(* Let $A\in\mathbb{C}^{n\times n}$, and fix $A^-\in A\{1\}$ and $A^{GD}\in A\{GD\}$. For $X\in\mathbb{C}^{n\times n}$ the following are equivalent: (i) $X = A^{-}AA^{GD}$; (ii) $XAX=X$, $R(X)=R(A^{-}A)$, and $N(X)=N(AA^{GD})$; (iii) $XAX=X$, $XA=A^{-}A$, and $AX=AA^{GD}$.
   Context: For $A\in\mathbb{C}^{n\times n}$, $ind(A)$ is the smallest nonnegative integer $k$ with $\mathrm{rank}(A^k)=\mathrm{rank}(A^{k+1})$. $A\{1\}$ is the set of matrices $X$ with $AXA=A$. With $k=ind(A)$, $A\{GD\}$ is the set of G-Drazin inverses of $A$: matrices $X$ with $AXA=A$, $XA^{k+1}=A^k$, $A^{k+1}X=A^k$. $R(\cdot)$, $N(\cdot)$ denote range and null space. *)

From HB Require Import structures.
From mathcomp Require Import all_boot all_order all_algebra.
From mathcomp Require Import complex.
Set Implicit Arguments. Unset Strict Implicit. Unset Printing Implicit Defensive.
Import GRing.Theory Num.Theory.
Local Open Scope ring_scope.

Section Defs.
Variables (F : fieldType) (n : nat).

Definition ind_pred (A : 'M[F]_n) : pred nat :=
  fun k => \rank (A ^+ k) == \rank (A ^+ k.+1).

Lemma ind_ex (A : 'M[F]_n) : exists k, ind_pred A k.
Proof.
have dec : forall k, (\rank (A ^+ k.+1) <= \rank (A ^+ k))%N.
  by move=> k; rewrite exprSr mxrankM_maxl.
case: (boolP [exists k : 'I_n.+1, ind_pred A k]).
  by move/existsP=> [k Hk]; exists k.
move/existsPn=> H; exfalso.
have: forall k, (k <= n.+1)%N -> (\rank (A ^+ k) + k <= n)%N.
  elim=> [|k IH] Hk; first by rewrite addn0 rank_leq_row.
  have := H (Ordinal Hk); rewrite /ind_pred /= => Hne.
  have Hlt : (\rank (A ^+ k.+1) < \rank (A ^+ k))%N.
    by rewrite ltn_neqAle eq_sym Hne dec.
  have := IH (ltnW Hk); rewrite addnS; apply: leq_trans; rewrite ltn_add2r.
  exact: Hlt.
by move/(_ n.+1 (leqnn _)); rewrite addnS ltnNge leq_addl.
Qed.

Definition ind (A : 'M[F]_n) : nat := ex_minn (ind_ex A).

Definition inner_inverse (A X : 'M[F]_n) : Prop := A *m X *m A = A.

Definition GD_inverse (A X : 'M[F]_n) : Prop :=
  [/\ A *m X *m A = A,
      X *m A ^+ (ind A).+1 = A ^+ (ind A) &
      A ^+ (ind A).+1 *m X = A ^+ (ind A)].

Definition range (M : 'M[F]_n) : 'cV[F]_n -> Prop :=
  fun v => exists w : 'cV[F]_n, v = M *m w.
Definition nullsp (M : 'M[F]_n) : 'cV[F]_n -> Prop :=
  fun v => M *m v = 0.

Definition set_eq (P Q : 'cV[F]_n -> Prop) : Prop := forall v, P v <-> Q v.

End Defs.

From HB Require Import structures.
From mathcomp Require Import all_boot all_order all_algebra.
From mathcomp Require Import complex.

Set Implicit Arguments.
Unset Strict Implicit.
Unset Printing Implicit Defensive.

Import GRing.Theory.
Local Open Scope ring_scope.
Local Open Scope complex_scope.

(** Both directions rest on the outer-inverse identity
    [X = X A X]: it shows that [X] and [X A] have the same range and [X] and
    [A X] the same null space, and conversely the range and null space
    conditions pin down the idempotents [X A] and [A X]. *)

Lemma mulmx_cV_ext (F : fieldType) (n : nat) (B C : 'M[F]_n) :
  (forall v : 'cV[F]_n, B *m v = C *m v) -> B = C.
Proof.
move=> BC; apply/matrixP => i j.
have := congr1 (fun M : 'cV[F]_n => M i 0) (BC (delta_mx j 0)).
by rewrite -!colE !mxE.
Qed.

Section OuterInverse.

Variables (F : fieldType) (n : nat) (A X : 'M[F]_n).
Hypothesis XAX : X *m A *m X = X.

Lemma range_outer_mulmxr : set_eq (range X) (range (X *m A)).
Proof.
move=> v; split; case=> w ->.
  by exists (X *m w); rewrite -{1}XAX mulmxA.
by exists (A *m w); rewrite mulmxA.
Qed.

Lemma nullsp_outer_mulmxl : set_eq (nullsp X) (nullsp (A *m X)).
Proof.
move=> v; rewrite /nullsp; split => [Xv0 | AXv0].
  by rewrite -mulmxA Xv0 mulmx0.
by rewrite -XAX -!mulmxA (mulmxA A) AXv0 mulmx0.
Qed.

Lemma outer_fix_range (P : 'M[F]_n) :
  (forall v, range P v -> range X v) -> X *m A *m P = P.
Proof.
move=> sPX; apply: mulmx_cV_ext => v; rewrite -mulmxA.
have [w ->] : range X (P *m v) by apply: sPX; exists v.
by rewrite mulmxA XAX.
Qed.

Lemma outer_fix_nullsp (Q : 'M[F]_n) :
  (forall v, nullsp X v -> nullsp Q v) -> Q *m A *m X = Q.
Proof.
move=> sXQ; apply: mulmx_cV_ext => v.
have /eqP : nullsp Q (v - A *m X *m v).
  by apply: sXQ; rewrite /nullsp mulmxBr !mulmxA XAX subrr.
by rewrite mulmxBr subr_eq0 !mulmxA => /eqP <-.
Qed.

End OuterInverse.

Section InnerInverses.

Variables (F : fieldType) (n : nat) (A Am G : 'M[F]_n).
Hypotheses (AAmA : A *m Am *m A = A) (AGA : A *m G *m A = A).

Lemma inners_mulmxr : Am *m A *m G *m A = Am *m A.
Proof. by rewrite -!mulmxA (mulmxA A) AGA. Qed.

Lemma inners_mulmxl : A *m (Am *m A *m G) = A *m G.
Proof. by rewrite !mulmxA AAmA. Qed.

Lemma inners_outer : Am *m A *m G *m A *m (Am *m A *m G) = Am *m A *m G.
Proof. by rewrite inners_mulmxr -mulmxA inners_mulmxl mulmxA. Qed.

Lemma inners_outer_idempotentsP (X : 'M[F]_n) :
  X = Am *m A *m G <->
  [/\ X *m A *m X = X, X *m A = Am *m A & A *m X = A *m G].
Proof.
split=> [-> | [XAX XA AX]].
  by split; [exact: inners_outer | exact: inners_mulmxr | exact: inners_mulmxl].
by rewrite -XAX XA -mulmxA AX mulmxA.
Qed.

Lemma outer_range_nullspP (X : 'M[F]_n) :
  [/\ X *m A *m X = X, set_eq (range X) (range (Am *m A))
    & set_eq (nullsp X) (nullsp (A *m G))] <->
  [/\ X *m A *m X = X, X *m A = Am *m A & A *m X = A *m G].
Proof.
split=> [[XAX rX nX] | [XAX XA AX]]; split=> //.
- have <- : X *m A *m (Am *m A) = Am *m A.
    by apply: outer_fix_range => // v /rX.
  by rewrite -!mulmxA (mulmxA A) AAmA.
- have <- : A *m G *m A *m X = A *m G.
    by apply: outer_fix_nullsp => // v /nX.
  by rewrite AGA.
- by rewrite -XA; apply: range_outer_mulmxr.
- by rewrite -AX; apply: nullsp_outer_mulmxl.
Qed.

End InnerInverses.

Theorem theorem3p7 (R : rcfType) (n : nat) (A Am AGD X : 'M[R[i]]_n) :
  inner_inverse A Am -> GD_inverse A AGD ->
  [/\ (X = Am *m A *m AGD) <->
        [/\ X *m A *m X = X,
            set_eq (range X) (range (Am *m A)) &
            set_eq (nullsp X) (nullsp (A *m AGD))],
      (X = Am *m A *m AGD) <->
        [/\ X *m A *m X = X, X *m A = Am *m A & A *m X = A *m AGD] &
      [/\ X *m A *m X = X,
            set_eq (range X) (range (Am *m A)) &
            set_eq (nullsp X) (nullsp (A *m AGD))] <->
        [/\ X *m A *m X = X, X *m A = Am *m A & A *m X = A *m AGD]].
Proof.
move=> AAmA [AGA _ _].
have i_iii := inners_outer_idempotentsP AAmA AGA X.
have ii_iii := outer_range_nullspP AAmA AGA X.
by split; [apply: iff_trans i_iii (iff_sym ii_iii) | |].
Qed.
^^^^
• **REQUIRED ACTION**
Include both ends. Return the line holding "have i_iii := inners_outer_idempotentsP" and all lines after it in the records above, exactly as written.

• **EXERCISE OUTPUT**
have i_iii := inners_outer_idempotentsP AAmA AGA X.
have ii_iii := outer_range_nullspP AAmA AGA X.
by split; [apply: iff_trans i_iii (iff_sym ii_iii) | |].
Qed.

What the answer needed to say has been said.